## [Exercise requirements]
Below are some records. Print exactly the lines between the one holding "finite alphabet. A" and the one holding "Noetherianity makes this", inclusive, and nothing else.
Top of Input data
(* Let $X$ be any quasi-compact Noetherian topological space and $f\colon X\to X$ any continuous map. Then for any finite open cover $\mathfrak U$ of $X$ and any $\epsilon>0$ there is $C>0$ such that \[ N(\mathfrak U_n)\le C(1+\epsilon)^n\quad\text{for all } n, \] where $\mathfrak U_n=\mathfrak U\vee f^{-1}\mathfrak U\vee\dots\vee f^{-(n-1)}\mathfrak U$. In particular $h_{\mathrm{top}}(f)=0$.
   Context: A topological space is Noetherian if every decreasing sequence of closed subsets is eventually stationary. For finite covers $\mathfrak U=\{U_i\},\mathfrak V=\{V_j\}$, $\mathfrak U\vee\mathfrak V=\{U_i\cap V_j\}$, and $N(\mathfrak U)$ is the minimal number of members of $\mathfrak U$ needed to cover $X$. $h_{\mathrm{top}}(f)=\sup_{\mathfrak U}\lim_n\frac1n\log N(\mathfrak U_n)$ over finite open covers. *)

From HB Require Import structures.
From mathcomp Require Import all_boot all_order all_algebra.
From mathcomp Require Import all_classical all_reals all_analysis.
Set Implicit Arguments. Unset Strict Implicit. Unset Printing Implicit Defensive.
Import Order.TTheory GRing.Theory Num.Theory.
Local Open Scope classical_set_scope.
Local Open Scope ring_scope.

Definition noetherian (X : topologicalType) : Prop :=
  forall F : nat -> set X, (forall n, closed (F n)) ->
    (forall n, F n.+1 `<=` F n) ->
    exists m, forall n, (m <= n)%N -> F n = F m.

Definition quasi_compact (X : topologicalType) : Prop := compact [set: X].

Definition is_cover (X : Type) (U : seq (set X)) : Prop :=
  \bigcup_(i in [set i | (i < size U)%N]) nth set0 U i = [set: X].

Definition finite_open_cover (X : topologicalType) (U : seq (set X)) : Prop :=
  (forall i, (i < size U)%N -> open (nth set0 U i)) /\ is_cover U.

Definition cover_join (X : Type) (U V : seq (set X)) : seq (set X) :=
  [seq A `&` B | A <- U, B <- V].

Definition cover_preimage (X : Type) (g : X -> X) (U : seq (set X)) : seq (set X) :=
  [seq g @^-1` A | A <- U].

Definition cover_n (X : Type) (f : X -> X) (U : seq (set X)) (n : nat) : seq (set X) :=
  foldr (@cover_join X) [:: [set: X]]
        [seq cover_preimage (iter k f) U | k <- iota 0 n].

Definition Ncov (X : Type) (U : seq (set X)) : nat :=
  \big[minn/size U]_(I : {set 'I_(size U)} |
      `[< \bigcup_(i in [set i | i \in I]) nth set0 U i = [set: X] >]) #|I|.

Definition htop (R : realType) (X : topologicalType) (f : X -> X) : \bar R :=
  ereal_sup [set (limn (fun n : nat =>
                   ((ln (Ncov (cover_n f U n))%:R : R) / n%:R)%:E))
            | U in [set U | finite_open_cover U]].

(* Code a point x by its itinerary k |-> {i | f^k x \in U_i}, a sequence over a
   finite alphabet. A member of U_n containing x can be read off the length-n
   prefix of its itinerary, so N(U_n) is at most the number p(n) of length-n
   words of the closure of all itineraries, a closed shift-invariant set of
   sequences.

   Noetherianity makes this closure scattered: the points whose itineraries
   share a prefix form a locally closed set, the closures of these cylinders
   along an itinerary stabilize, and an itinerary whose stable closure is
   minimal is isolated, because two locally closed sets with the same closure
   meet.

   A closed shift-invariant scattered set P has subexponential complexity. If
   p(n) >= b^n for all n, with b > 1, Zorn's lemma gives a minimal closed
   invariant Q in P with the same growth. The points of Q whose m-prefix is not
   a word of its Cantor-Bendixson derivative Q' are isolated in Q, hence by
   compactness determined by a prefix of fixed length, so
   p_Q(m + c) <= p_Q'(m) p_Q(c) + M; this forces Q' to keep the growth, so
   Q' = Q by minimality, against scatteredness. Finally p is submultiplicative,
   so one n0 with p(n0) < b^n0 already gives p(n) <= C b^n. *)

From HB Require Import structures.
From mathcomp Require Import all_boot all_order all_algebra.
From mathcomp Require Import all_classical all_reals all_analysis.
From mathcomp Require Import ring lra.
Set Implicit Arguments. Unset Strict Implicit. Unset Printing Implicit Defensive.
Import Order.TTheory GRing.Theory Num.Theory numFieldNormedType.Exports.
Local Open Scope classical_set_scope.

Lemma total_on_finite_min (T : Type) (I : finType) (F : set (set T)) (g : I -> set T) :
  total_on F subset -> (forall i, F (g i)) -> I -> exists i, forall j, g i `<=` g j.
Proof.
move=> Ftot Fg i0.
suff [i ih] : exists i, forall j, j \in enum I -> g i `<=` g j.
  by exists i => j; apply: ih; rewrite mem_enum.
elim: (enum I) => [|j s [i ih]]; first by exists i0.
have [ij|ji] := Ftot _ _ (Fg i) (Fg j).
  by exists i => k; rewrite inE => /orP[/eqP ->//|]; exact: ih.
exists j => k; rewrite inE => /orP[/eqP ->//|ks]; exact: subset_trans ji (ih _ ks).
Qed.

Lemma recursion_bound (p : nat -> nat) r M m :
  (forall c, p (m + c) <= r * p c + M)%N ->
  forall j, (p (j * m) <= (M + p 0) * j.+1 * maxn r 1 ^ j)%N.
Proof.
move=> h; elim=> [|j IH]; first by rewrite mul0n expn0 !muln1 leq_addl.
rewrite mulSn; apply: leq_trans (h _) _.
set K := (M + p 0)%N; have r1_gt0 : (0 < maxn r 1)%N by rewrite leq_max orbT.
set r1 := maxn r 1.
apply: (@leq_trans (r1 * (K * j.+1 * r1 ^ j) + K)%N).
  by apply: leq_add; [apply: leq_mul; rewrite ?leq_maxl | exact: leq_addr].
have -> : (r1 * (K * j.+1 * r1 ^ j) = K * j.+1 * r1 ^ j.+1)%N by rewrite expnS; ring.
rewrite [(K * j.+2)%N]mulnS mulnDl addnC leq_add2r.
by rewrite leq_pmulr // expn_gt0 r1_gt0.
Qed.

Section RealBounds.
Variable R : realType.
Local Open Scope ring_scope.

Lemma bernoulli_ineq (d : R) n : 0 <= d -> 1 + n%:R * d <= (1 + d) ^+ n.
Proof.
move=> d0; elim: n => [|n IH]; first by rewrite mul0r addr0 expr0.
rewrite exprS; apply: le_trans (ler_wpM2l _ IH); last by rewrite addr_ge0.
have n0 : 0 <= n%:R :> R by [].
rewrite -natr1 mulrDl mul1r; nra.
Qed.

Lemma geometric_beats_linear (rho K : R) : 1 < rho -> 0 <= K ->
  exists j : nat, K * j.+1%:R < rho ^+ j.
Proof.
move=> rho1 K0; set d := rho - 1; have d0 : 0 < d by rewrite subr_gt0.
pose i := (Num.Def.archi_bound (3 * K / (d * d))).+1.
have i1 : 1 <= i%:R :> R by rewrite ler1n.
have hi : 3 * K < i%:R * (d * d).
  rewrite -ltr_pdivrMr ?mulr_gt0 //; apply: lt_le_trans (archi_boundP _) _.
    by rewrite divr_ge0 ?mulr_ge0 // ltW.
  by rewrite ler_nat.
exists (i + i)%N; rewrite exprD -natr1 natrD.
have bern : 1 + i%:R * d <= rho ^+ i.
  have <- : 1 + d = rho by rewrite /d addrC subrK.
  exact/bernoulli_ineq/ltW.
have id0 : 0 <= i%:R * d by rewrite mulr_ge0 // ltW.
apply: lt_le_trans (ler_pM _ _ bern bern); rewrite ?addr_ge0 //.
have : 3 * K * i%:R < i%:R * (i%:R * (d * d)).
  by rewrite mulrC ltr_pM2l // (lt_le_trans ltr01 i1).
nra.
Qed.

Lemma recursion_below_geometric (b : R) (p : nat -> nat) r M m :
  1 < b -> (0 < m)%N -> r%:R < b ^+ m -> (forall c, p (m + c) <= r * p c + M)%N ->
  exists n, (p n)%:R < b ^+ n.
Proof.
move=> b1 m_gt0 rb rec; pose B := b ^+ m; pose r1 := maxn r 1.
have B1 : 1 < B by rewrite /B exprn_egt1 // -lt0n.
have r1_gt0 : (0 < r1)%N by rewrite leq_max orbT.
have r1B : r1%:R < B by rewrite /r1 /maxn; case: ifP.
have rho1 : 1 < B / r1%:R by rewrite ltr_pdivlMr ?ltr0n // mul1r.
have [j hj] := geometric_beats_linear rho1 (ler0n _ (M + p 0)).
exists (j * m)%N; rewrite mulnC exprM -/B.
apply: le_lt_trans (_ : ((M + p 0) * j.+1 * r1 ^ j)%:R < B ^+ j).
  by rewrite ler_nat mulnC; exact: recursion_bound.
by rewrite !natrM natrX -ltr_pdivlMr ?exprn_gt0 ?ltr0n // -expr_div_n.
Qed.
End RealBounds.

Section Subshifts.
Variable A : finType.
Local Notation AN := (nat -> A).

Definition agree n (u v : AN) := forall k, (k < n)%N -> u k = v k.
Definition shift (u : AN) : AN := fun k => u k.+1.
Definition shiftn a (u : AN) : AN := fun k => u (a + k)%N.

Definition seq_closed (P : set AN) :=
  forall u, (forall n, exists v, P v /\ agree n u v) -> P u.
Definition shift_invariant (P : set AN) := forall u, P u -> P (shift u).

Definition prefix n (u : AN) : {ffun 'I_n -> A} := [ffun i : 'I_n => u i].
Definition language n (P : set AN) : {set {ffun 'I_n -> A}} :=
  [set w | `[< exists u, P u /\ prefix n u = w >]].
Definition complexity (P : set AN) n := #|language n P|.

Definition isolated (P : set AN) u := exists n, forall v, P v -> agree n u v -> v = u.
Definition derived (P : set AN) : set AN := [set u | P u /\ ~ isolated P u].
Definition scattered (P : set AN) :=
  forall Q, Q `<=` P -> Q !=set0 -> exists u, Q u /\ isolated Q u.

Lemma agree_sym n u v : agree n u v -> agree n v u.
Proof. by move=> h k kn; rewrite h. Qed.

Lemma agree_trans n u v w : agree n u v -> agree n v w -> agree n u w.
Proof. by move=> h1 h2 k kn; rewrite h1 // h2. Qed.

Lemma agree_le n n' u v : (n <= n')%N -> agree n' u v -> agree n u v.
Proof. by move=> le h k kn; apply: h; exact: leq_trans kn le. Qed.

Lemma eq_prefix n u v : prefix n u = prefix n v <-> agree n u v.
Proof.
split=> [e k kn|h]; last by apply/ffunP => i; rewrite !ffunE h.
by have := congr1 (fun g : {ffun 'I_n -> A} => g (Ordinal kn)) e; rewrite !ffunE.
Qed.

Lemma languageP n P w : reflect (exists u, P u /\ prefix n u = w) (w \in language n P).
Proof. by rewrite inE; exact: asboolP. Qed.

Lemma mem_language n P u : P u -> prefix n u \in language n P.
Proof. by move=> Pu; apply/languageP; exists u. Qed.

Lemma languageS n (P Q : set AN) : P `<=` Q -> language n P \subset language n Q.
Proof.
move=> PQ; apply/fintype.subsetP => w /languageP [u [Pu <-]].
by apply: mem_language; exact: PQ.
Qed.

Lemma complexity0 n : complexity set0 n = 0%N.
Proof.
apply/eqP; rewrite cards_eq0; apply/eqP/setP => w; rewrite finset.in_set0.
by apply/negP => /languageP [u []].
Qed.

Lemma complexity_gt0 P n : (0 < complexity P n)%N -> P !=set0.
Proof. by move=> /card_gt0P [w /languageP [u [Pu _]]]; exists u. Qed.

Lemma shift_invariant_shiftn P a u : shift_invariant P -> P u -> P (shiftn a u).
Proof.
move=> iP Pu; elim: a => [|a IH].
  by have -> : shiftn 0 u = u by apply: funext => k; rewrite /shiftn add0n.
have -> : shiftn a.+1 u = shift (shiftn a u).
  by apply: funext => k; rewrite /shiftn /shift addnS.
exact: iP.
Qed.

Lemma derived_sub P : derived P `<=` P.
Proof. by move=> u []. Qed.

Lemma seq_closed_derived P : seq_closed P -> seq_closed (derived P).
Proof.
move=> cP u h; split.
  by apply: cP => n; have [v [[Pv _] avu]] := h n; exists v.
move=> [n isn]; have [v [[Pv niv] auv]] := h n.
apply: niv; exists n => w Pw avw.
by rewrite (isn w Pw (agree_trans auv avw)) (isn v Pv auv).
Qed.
Bottom of Input data
## [Response area]
   finite alphabet. A member of U_n containing x can be read off the length-n
   prefix of its itinerary, so N(U_n) is at most the number p(n) of length-n
   words of the closure of all itineraries, a closed shift-invariant set of
   sequences.

   Noetherianity makes this closure scattered: the points whose itineraries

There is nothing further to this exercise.